◆ YOUR ASSIGNMENT ◆
Repeat the data that follows, keeping every character intact.

-- EXTRACTED MATERIAL follows --

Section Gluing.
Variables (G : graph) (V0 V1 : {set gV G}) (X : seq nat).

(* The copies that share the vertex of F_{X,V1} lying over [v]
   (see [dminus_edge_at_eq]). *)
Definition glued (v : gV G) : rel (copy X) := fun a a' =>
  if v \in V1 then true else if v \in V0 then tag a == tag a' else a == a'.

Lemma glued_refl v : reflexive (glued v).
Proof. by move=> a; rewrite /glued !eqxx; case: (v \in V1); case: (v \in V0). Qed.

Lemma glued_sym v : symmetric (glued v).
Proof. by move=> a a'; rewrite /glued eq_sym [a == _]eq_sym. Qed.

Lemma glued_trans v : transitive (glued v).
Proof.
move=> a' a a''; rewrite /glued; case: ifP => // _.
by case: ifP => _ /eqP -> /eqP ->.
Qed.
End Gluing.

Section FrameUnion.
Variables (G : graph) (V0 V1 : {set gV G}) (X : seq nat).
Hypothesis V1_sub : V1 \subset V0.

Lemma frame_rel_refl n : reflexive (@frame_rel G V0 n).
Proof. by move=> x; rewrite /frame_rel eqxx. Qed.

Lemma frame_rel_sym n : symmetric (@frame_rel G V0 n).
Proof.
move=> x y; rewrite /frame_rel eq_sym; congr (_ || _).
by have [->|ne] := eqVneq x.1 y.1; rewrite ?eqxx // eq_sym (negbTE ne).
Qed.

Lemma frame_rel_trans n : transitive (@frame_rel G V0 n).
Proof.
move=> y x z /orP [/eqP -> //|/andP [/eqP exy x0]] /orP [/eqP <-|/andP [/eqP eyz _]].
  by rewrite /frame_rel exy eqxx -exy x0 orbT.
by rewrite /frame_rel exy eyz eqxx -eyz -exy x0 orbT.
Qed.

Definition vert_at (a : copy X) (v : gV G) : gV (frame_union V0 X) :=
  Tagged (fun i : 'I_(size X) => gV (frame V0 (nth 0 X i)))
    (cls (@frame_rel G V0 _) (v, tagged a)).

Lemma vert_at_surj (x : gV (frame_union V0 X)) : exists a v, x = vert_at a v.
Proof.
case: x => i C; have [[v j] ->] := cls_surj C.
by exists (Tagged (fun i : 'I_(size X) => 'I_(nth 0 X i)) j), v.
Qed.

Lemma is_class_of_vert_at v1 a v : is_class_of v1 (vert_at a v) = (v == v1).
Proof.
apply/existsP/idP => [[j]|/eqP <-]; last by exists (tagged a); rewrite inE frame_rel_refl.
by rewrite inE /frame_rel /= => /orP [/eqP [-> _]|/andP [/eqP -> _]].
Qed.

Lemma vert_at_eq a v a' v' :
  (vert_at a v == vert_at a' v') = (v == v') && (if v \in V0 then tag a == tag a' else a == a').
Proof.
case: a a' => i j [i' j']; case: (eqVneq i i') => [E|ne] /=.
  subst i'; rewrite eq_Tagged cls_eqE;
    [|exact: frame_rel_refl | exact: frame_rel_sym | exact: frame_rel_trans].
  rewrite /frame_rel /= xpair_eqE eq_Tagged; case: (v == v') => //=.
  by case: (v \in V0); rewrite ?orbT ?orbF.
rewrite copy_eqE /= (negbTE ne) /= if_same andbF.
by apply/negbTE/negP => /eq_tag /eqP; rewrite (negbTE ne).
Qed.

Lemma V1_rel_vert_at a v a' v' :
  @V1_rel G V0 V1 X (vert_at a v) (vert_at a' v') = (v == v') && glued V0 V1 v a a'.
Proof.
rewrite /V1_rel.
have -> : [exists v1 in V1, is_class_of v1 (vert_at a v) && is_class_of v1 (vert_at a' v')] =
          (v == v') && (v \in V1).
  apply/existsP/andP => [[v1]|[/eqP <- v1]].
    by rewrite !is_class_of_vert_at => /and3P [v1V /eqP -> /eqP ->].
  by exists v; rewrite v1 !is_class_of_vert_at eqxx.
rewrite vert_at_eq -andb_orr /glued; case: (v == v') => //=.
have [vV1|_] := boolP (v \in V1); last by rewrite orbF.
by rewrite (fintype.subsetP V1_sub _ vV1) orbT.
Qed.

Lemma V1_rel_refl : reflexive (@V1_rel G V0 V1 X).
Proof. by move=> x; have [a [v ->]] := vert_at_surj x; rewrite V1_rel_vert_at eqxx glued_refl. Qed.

-- EXTRACTED MATERIAL concluded --

◆ TASK RESULT ◆
Section Gluing.
Variables (G : graph) (V0 V1 : {set gV G}) (X : seq nat).

(* The copies that share the vertex of F_{X,V1} lying over [v]
   (see [dminus_edge_at_eq]). *)
Definition glued (v : gV G) : rel (copy X) := fun a a' =>
  if v \in V1 then true else if v \in V0 then tag a == tag a' else a == a'.

Lemma glued_refl v : reflexive (glued v).
Proof. by move=> a; rewrite /glued !eqxx; case: (v \in V1); case: (v \in V0). Qed.

Lemma glued_sym v : symmetric (glued v).
Proof. by move=> a a'; rewrite /glued eq_sym [a == _]eq_sym. Qed.

Lemma glued_trans v : transitive (glued v).
Proof.
move=> a' a a''; rewrite /glued; case: ifP => // _.
by case: ifP => _ /eqP -> /eqP ->.
Qed.
End Gluing.

Section FrameUnion.
Variables (G : graph) (V0 V1 : {set gV G}) (X : seq nat).
Hypothesis V1_sub : V1 \subset V0.

Lemma frame_rel_refl n : reflexive (@frame_rel G V0 n).
Proof. by move=> x; rewrite /frame_rel eqxx. Qed.

Lemma frame_rel_sym n : symmetric (@frame_rel G V0 n).
Proof.
move=> x y; rewrite /frame_rel eq_sym; congr (_ || _).
by have [->|ne] := eqVneq x.1 y.1; rewrite ?eqxx // eq_sym (negbTE ne).
Qed.

Lemma frame_rel_trans n : transitive (@frame_rel G V0 n).
Proof.
move=> y x z /orP [/eqP -> //|/andP [/eqP exy x0]] /orP [/eqP <-|/andP [/eqP eyz _]].
  by rewrite /frame_rel exy eqxx -exy x0 orbT.
by rewrite /frame_rel exy eyz eqxx -eyz -exy x0 orbT.
Qed.

Definition vert_at (a : copy X) (v : gV G) : gV (frame_union V0 X) :=
  Tagged (fun i : 'I_(size X) => gV (frame V0 (nth 0 X i)))
    (cls (@frame_rel G V0 _) (v, tagged a)).

Lemma vert_at_surj (x : gV (frame_union V0 X)) : exists a v, x = vert_at a v.
Proof.
case: x => i C; have [[v j] ->] := cls_surj C.
by exists (Tagged (fun i : 'I_(size X) => 'I_(nth 0 X i)) j), v.
Qed.

Lemma is_class_of_vert_at v1 a v : is_class_of v1 (vert_at a v) = (v == v1).
Proof.
apply/existsP/idP => [[j]|/eqP <-]; last by exists (tagged a); rewrite inE frame_rel_refl.
by rewrite inE /frame_rel /= => /orP [/eqP [-> _]|/andP [/eqP -> _]].
Qed.

Lemma vert_at_eq a v a' v' :
  (vert_at a v == vert_at a' v') = (v == v') && (if v \in V0 then tag a == tag a' else a == a').
Proof.
case: a a' => i j [i' j']; case: (eqVneq i i') => [E|ne] /=.
  subst i'; rewrite eq_Tagged cls_eqE;
    [|exact: frame_rel_refl | exact: frame_rel_sym | exact: frame_rel_trans].
  rewrite /frame_rel /= xpair_eqE eq_Tagged; case: (v == v') => //=.
  by case: (v \in V0); rewrite ?orbT ?orbF.
rewrite copy_eqE /= (negbTE ne) /= if_same andbF.
by apply/negbTE/negP => /eq_tag /eqP; rewrite (negbTE ne).
Qed.

Lemma V1_rel_vert_at a v a' v' :
  @V1_rel G V0 V1 X (vert_at a v) (vert_at a' v') = (v == v') && glued V0 V1 v a a'.
Proof.
rewrite /V1_rel.
have -> : [exists v1 in V1, is_class_of v1 (vert_at a v) && is_class_of v1 (vert_at a' v')] =
          (v == v') && (v \in V1).
  apply/existsP/andP => [[v1]|[/eqP <- v1]].
    by rewrite !is_class_of_vert_at => /and3P [v1V /eqP -> /eqP ->].
  by exists v; rewrite v1 !is_class_of_vert_at eqxx.
rewrite vert_at_eq -andb_orr /glued; case: (v == v') => //=.
have [vV1|_] := boolP (v \in V1); last by rewrite orbF.
by rewrite (fintype.subsetP V1_sub _ vV1) orbT.
Qed.

Lemma V1_rel_refl : reflexive (@V1_rel G V0 V1 X).
Proof. by move=> x; have [a [v ->]] := vert_at_surj x; rewrite V1_rel_vert_at eqxx glued_refl. Qed.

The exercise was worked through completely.